(* Let $\phi \colon R \to S$ be a centralizing ring homomorphism and let \[ \mathcal{C}_\phi = \{ q \in \mathcal{C} R \mid \langle \phi D_q\rangle \in \mathscr{E}(S) \} . \] Then $R\mathcal{C}_\phi$ is a subring of $\widetilde R$ containing $R$. The map $\phi$ extends uniquely to a ring homomorphism $\widetilde{\phi} \colon R\mathcal{C}_\phi \to \widetilde S$ which is centralizing. In particular, $\widetilde{\phi}(\mathcal{C}_\phi) \subseteq \mathcal{C} S$.
   Context: $R$ and $S$ are arbitrary rings with $1$. For a ring $R$, $\operatorname{Q} R$ denotes the symmetric ring of quotients of $R$ (it contains $R$ as a subring), and $\mathscr{E}(R)$ denotes the collection of all two-sided ideals of $R$ having zero left and right annihilator in $R$. For $q \in \operatorname{Q} R$, $D_q := \{ r \in R \mid qRr \subseteq R \text{ and } rRq \subseteq R\}$; this is an ideal belonging to $\mathscr{E}(R)$. The extended center is $\mathcal{C} R := \mathcal{Z}(\operatorname{Q} R)$, the center of $\operatorname{Q} R$ (equal to the centralizer of $R$ in $\operatorname{Q} R$), and $\widetilde R := R(\mathcal{C} R) \subseteq \operatorname{Q} R$ is the subring generated by $R$ and $\mathcal{C} R$; similarly $\mathcal{C} S = \mathcal{Z}(\operatorname{Q} S)$ and $\widetilde S = S(\mathcal{C} S)$. A ring homomorphism $\phi \colon R \to S$ is centralizing if $S$ is generated by $\phi(R)$ and the centralizer $C_S(\phi R) = \{ s \in S \mid s\phi(r) = \phi(r)s \ \forall r \in R\}$; for an ideal $I$ of $R$, $\langle \phi I\rangle$ denotes the ideal of $S$ generated by $\phi(I)$, which equals $\phi(I)\,C_S(\phi R) = C_S(\phi R)\,\phi(I)$. *)

From HB Require Import structures.
From mathcomp Require Import all_boot all_algebra.
Set Implicit Arguments. Unset Strict Implicit. Unset Printing Implicit Defensive.
Import GRing.Theory.
Local Open Scope ring_scope.

Section Defs.
Variable T : pzRingType.

Definition is_ideal (I : T -> Prop) : Prop :=
  [/\ I 0, (forall x y, I x -> I y -> I (x - y)),
      (forall r x, I x -> I (r * x)) & (forall r x, I x -> I (x * r))].

Definition in_E (I : T -> Prop) : Prop :=
  [/\ is_ideal I,
      (forall x, (forall i, I i -> x * i = 0) -> x = 0) &
      (forall x, (forall i, I i -> i * x = 0) -> x = 0)].

Definition is_subring (P : T -> Prop) : Prop :=
  [/\ P 1, (forall x y, P x -> P y -> P (x - y)) &
      (forall x y, P x -> P y -> P (x * y))].

Definition subring_gen (G : T -> Prop) (x : T) : Prop :=
  forall P, is_subring P -> (forall y, G y -> P y) -> P x.

Definition ideal_gen (G : T -> Prop) (x : T) : Prop :=
  forall P, is_ideal P -> (forall y, G y -> P y) -> P x.

Definition center (x : T) : Prop := forall y, x * y = y * x.

End Defs.

(* Q is (a model of) the symmetric ring of quotients of R, with R embedded
   via iota.  This is the standard characterization (Beidar-Martindale-
   Mikhalev, Rings with Generalized Identities, Prop. 2.5.3), which
   determines Q up to a unique isomorphism over R. *)
Definition is_sym_quot (R Q : pzRingType) (iota : {rmorphism R -> Q}) : Prop :=
  [/\ injective iota,
      (forall q : Q, exists I : R -> Prop, in_E I /\
          forall i, I i -> (exists r, q * iota i = iota r) /\
                           (exists r, iota i * q = iota r)),
      (forall (q : Q) (I : R -> Prop), in_E I ->
          (forall i, I i -> q * iota i = 0) -> q = 0),
      (forall (q : Q) (I : R -> Prop), in_E I ->
          (forall i, I i -> iota i * q = 0) -> q = 0) &
      (forall (I : R -> Prop) (f g : R -> R), in_E I ->
          (forall x y, I x -> I y -> f (x + y) = f x + f y) ->
          (forall x y, I x -> I y -> g (x + y) = g x + g y) ->
          (forall x r, I x -> f (x * r) = f x * r) ->
          (forall x r, I x -> g (r * x) = r * g x) ->
          (forall x y, I x -> I y -> x * f y = g x * y) ->
          exists q : Q, forall x, I x ->
            q * iota x = iota (f x) /\ iota x * q = iota (g x))].

Definition Dq (R Q : pzRingType) (iota : {rmorphism R -> Q}) (q : Q) (r : R)
  : Prop :=
  forall s : R, (exists t, q * iota s * iota r = iota t) /\
                (exists t, iota r * iota s * q = iota t).

(* R~ = subring of Q generated by R and the extended center C R = Z(Q) *)
Definition tilde (R Q : pzRingType) (iota : {rmorphism R -> Q}) : Q -> Prop :=
  subring_gen (fun x => (exists r, x = iota r) \/ center x).

Definition centralizing_on (U V : pzRingType) (A : U -> Prop) (B : V -> Prop)
  (f : U -> V) : Prop :=
  forall y, B y <-> subring_gen
    (fun s => (exists x, A x /\ s = f x) \/
              (B s /\ forall x, A x -> s * f x = f x * s)) y.

Definition centralizing (R S : pzRingType) (phi : {rmorphism R -> S}) : Prop :=
  centralizing_on (fun _ => True) (fun _ => True) phi.

Definition Cphi (R S QR : pzRingType) (iR : {rmorphism R -> QR})
  (phi : {rmorphism R -> S}) (q : QR) : Prop :=
  center q /\ in_E (ideal_gen (fun s => exists r, Dq iR q r /\ s = phi r)).

Definition RCphi (R S QR : pzRingType) (iR : {rmorphism R -> QR})
  (phi : {rmorphism R -> S}) (x : QR) : Prop :=
  exists l : seq (R * QR), (forall p, p \in l -> Cphi iR phi p.2) /\
    x = \sum_(p <- l) iR p.1 * p.2.

Definition rhom_on (U V : pzRingType) (A : U -> Prop) (B : V -> Prop)
  (f : U -> V) : Prop :=
  [/\ (forall x, A x -> B (f x)), f 1 = 1 &
      (forall x y, A x -> A y -> f (x + y) = f x + f y /\ f (x * y) = f x * f y)].

From HB Require Import structures.
From mathcomp Require Import all_boot all_algebra.
From Stdlib Require Import ClassicalEpsilon.
Import GRing.Theory.
Local Open Scope ring_scope.

Set Implicit Arguments.
Unset Strict Implicit.
Unset Printing Implicit Defensive.

(* For q in C_phi the ideal I = <phi D_q> of S lies in E(S), and "right
   multiplication by q", sending x in I to the unique y with
   y phi(e) = x phi(q e) for all e in D_q, is a well-defined S-bimodule map
   I -> S: this is where phi being centralizing is used, since S is generated
   by phi(R) and elements commuting with phi(R).  A bimodule map defined on an
   ideal of E(S) is multiplication by a central element q~ of Q S, and
   phi~ (sum r_i q_i) := sum phi(r_i) q_i~.  It is well defined because the
   common denominator ideal of finitely many q_i still generates an ideal of
   E(S), and an element of Q S annihilating such an ideal is zero. *)

Section Generated.
Variable T : pzRingType.
Implicit Types (P G : T -> Prop) (x y : T).

Lemma subring0 P : is_subring P -> P 0.
Proof. by case=> P1 PB _; rewrite -(subrr 1); apply: PB. Qed.

Lemma subringD P x y : is_subring P -> P x -> P y -> P (x + y).
Proof.
move=> sP Px Py; have [_ PB _] := sP.
have -> : x + y = x - (0 - y) by rewrite sub0r opprK.
by apply: (PB) => //; apply: (PB) => //; exact: subring0.
Qed.

Lemma idealD P x y : is_ideal P -> P x -> P y -> P (x + y).
Proof.
case=> P0 PB _ _ Px Py; have -> : x + y = x - (0 - y) by rewrite sub0r opprK.
by apply: (PB) => //; apply: (PB).
Qed.

Lemma ideal_cap (K : Type) (A : K -> Prop) (Ds : K -> T -> Prop) :
  (forall k, A k -> is_ideal (Ds k)) -> is_ideal (fun x => forall k, A k -> Ds k x).
Proof.
move=> Dideal; split.
- by move=> k /Dideal [].
- by move=> x y Dx Dy k Ak; have [_ DB _ _] := Dideal k Ak; apply: DB; [exact: Dx | exact: Dy].
- by move=> r x Dx k Ak; have [_ _ DMl _] := Dideal k Ak; apply: DMl; exact: Dx.
- by move=> r x Dx k Ak; have [_ _ _ DMr] := Dideal k Ak; apply: DMr; exact: Dx.
Qed.

Lemma subring_gen_subring G : is_subring (subring_gen G).
Proof.
split.
- by move=> P [].
- by move=> x y Gx Gy P sP GP; have [_ PB _] := sP; apply: PB; [exact: Gx | exact: Gy].
- by move=> x y Gx Gy P sP GP; have [_ _ PM] := sP; apply: PM; [exact: Gx | exact: Gy].
Qed.

Lemma ideal_gen_ideal G : is_ideal (ideal_gen G).
Proof.
split.
- by move=> P [].
- by move=> x y Gx Gy P iP GP; have [_ PB _ _] := iP; apply: PB; [exact: Gx | exact: Gy].
- by move=> r x Gx P iP GP; have [_ _ PMl _] := iP; apply: PMl; exact: Gx.
- by move=> r x Gx P iP GP; have [_ _ _ PMr] := iP; apply: PMr; exact: Gx.
Qed.

Lemma subring_gen_base G x : G x -> subring_gen G x.
Proof. by move=> Gx P _; apply. Qed.

Lemma ideal_gen_base G x : G x -> ideal_gen G x.
Proof. by move=> Gx P _; apply. Qed.

End Generated.

Section Tilde.
Variables (R Q : pzRingType) (iR : {rmorphism R -> Q}).

Lemma tilde_subring : is_subring (tilde iR).
Proof. exact: subring_gen_subring. Qed.

Lemma tilde_sum (K : eqType) (s : seq K) (r : K -> R) (c : K -> Q) :
  (forall k, k \in s -> center (c k)) -> tilde iR (\sum_(k <- s) iR (r k) * c k).
Proof.
move=> cC; rewrite big_seq; apply: (big_ind (tilde iR)).
- exact: subring0 tilde_subring.
- by move=> x y; apply: subringD tilde_subring.
move=> k sk; have [_ _ TM] := tilde_subring.
by apply: TM; apply: subring_gen_base; [left; exists (r k) | right; exact: cC].
Qed.

End Tilde.

Section Denominators.
Variables (R Q : pzRingType) (iR : {rmorphism R -> Q}).
Implicit Types (q : Q) (d e s t : R).

Lemma DqMl q s e : Dq iR q e -> Dq iR q (s * e).
Proof.
move=> Dqe u; have [[t1 e1] _] := Dqe (u * s); have [_ [t2 e2]] := Dqe u; split.
  by exists t1; rewrite -e1 !rmorphM !mulrA.
by exists (s * t2); rewrite !rmorphM -e2 !mulrA.
Qed.

Lemma DqMr q s e : Dq iR q e -> Dq iR q (e * s).
Proof.
move=> Dqe u; have [[t1 e1] _] := Dqe u; have [_ [t2 e2]] := Dqe (s * u); split.
  by exists (t1 * s); rewrite !rmorphM -e1 !mulrA.
by exists t2; rewrite -e2 !rmorphM !mulrA.
Qed.

Lemma Dq_ideal q : is_ideal (Dq iR q).
Proof.
split; [| | exact: DqMl | exact: DqMr].
  by move=> u; split; exists 0; rewrite !rmorph0 ?mulr0 ?mul0r.
move=> d e Dqd Dqe u; have [[t1 e1] [t1' e1']] := Dqd u; have [[t2 e2] [t2' e2']] := Dqe u.
split; [exists (t1 - t2) | exists (t1' - t2')].
  by rewrite !rmorphB mulrBr e1 e2.
by rewrite !rmorphB !mulrBl e1' e2'.
Qed.

Lemma Dq_mulq q e : Dq iR q e -> exists t, q * iR e = iR t.
Proof. by move=> Dqe; have [[t qe] _] := Dqe 1; exists t; rewrite -qe rmorph1 mulr1. Qed.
---
| Task requirements |
All lines starting at the one holding "by move=> u;" and ending at the last line above must be output exactly, and no other line may appear.

| Result for this exercise |
  by move=> u; split; exists 0; rewrite !rmorph0 ?mulr0 ?mul0r.
move=> d e Dqd Dqe u; have [[t1 e1] [t1' e1']] := Dqd u; have [[t2 e2] [t2' e2']] := Dqe u.
split; [exists (t1 - t2) | exists (t1' - t2')].
  by rewrite !rmorphB mulrBr e1 e2.
by rewrite !rmorphB !mulrBl e1' e2'.
Qed.

Lemma Dq_mulq q e : Dq iR q e -> exists t, q * iR e = iR t.
Proof. by move=> Dqe; have [[t qe] _] := Dqe 1; exists t; rewrite -qe rmorph1 mulr1. Qed.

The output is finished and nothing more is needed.